# PROBLEM TO SOLVE
Lines holding the word "Section" are the ones to copy from the data below.
☆ ☆ ☆
Lemma qendo_proj x : qendo (qproj x) = qproj (al x).
Proof.
apply/eqP; rewrite -subr_eq0 -qprojB -(linB hal); apply/eqP/qproj_eq0.
exact/Sal/S_repr_qprojB.
Qed.

Lemma qendo_linear : linear qendo.
Proof.
move=> a p q; have [x <-] := qproj_surj p; have [y <-] := qproj_surj q.
by rewrite -qproj_linear !qendo_proj hal qproj_linear.
Qed.
End LmodQuotient.

Arguments qendo {F V S} hS al q.
Arguments qendo_linear {F V S} hS {al} hal Sal.

Section UpdFacts.
Variables (n : nat) (T : Type) (f : 'I_n -> T).

Lemma upd_same i x : upd f i x i = x.
Proof. by rewrite /upd eqxx. Qed.

Lemma upd_other i j x : j != i -> upd f i x j = f j.
Proof. by rewrite /upd => /negbTE ->. Qed.

Lemma upd_id i : upd f i (f i) = f.
Proof. by apply: functional_extensionality => j; rewrite /upd; case: eqP => // ->. Qed.

Lemma upd_upd i x y : upd (upd f i x) i y = upd f i y.
Proof. by apply: functional_extensionality => j; rewrite /upd; case: eqP. Qed.

Lemma map_upd (U : Type) (h : T -> U) i x :
  (fun j => h (upd f i x j)) = upd (fun j => h (f j)) i (h x).
Proof. by apply: functional_extensionality => j; rewrite /upd; case: (j == i). Qed.
End UpdFacts.

Lemma exists_other_ord n (i : 'I_n) : (2 <= n)%N -> exists j : 'I_n, j != i.
Proof.
case: n i => [|[|n]] i // _.
by case: (eqVneq i ord0) => [->|ne]; [exists ord_max | exists ord0; rewrite eq_sym].
Qed.

Section BracketFacts.
Variables (F : fieldType) (n : nat) (A : HomLeibniz F n).

Lemma bracketD f i x y :
  bracket A (upd f i (x + y)) = bracket A (upd f i x) + bracket A (upd f i y).
Proof. by have := bracket_multilinear f i 1 x y; rewrite !scale1r. Qed.

Lemma bracket0 f i : bracket A (upd f i 0) = 0.
Proof.
have := bracketD f i 0 0; rewrite addr0 => /eqP.
by rewrite -subr_eq subrr eq_sym => /eqP.
Qed.

Lemma bracketZ f i a x : bracket A (upd f i (a *: x)) = a *: bracket A (upd f i x).
Proof. by have := bracket_multilinear f i a x 0; rewrite !addr0 bracket0 addr0. Qed.

Lemma bracket_sum f i (I : Type) (s : seq I) (g : I -> A) :
  bracket A (upd f i (\sum_(t <- s) g t)) = \sum_(t <- s) bracket A (upd f i (g t)).
Proof.
elim: s => [|a s IH]; first by rewrite !big_nil bracket0.
by rewrite !big_cons bracketD IH.
Qed.

Lemma bracket_eq_mod_center (f g : 'I_n -> A) :
  (forall j, in_center (f j - g j)) -> bracket A f = bracket A g.
Proof.
move=> fg_center.
pose mix k (j : 'I_n) := if (j < k)%N then g j else f j.
suff mixE k : (k <= n)%N -> bracket A (mix k) = bracket A f.
  rewrite -(mixE n (leqnn n)); congr (bracket A _).
  by apply: functional_extensionality => j; rewrite /mix ltn_ord.
elim: k => [|k IH] lt_k.
  by congr (bracket A _); apply: functional_extensionality => j; rewrite /mix ltn0.
pose i := Ordinal lt_k.
have mixS : mix k.+1 = upd (mix k) i (g i).
  apply: functional_extensionality => j; rewrite /mix /upd -val_eqE /= ltnS leq_eqVlt.
  by case: eqP => [e|] //=; congr g; apply: val_inj.
have mix_fi : mix k = upd (mix k) i (f i) by rewrite -{1}(upd_id (mix k) i) /mix /= ltnn.
rewrite mixS -(IH (ltnW lt_k)) {2}mix_fi -[f i](subrK (g i)) bracketD.
by rewrite (fg_center i) add0r.
Qed.

Definition bracket_span (x : A) : Prop :=
  exists s : seq ('I_n -> A), x = \sum_(t <- s) bracket A t.

Definition perfect : Prop := forall x : A, bracket_span x.

Lemma bracket_span_bracket f : bracket_span (bracket A f).
Proof. by exists [:: f]; rewrite big_seq1. Qed.

Lemma bracket_span_subspace : (0 < n)%N -> subspace bracket_span.
Proof.
move=> n_gt0; split=> [|x y [s ->] [t ->]|a x [s ->]].
- by exists [::]; rewrite big_nil.
- by exists (s ++ t); rewrite big_cat.
pose i0 := Ordinal n_gt0.
exists (map (fun t => upd t i0 (a *: t i0)) s); rewrite big_map scaler_sumr.
by apply: eq_bigr => t _; rewrite bracketZ upd_id.
Qed.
☆ ☆ ☆
# RESULT OF THE EXERCISE
Section UpdFacts.
Section BracketFacts.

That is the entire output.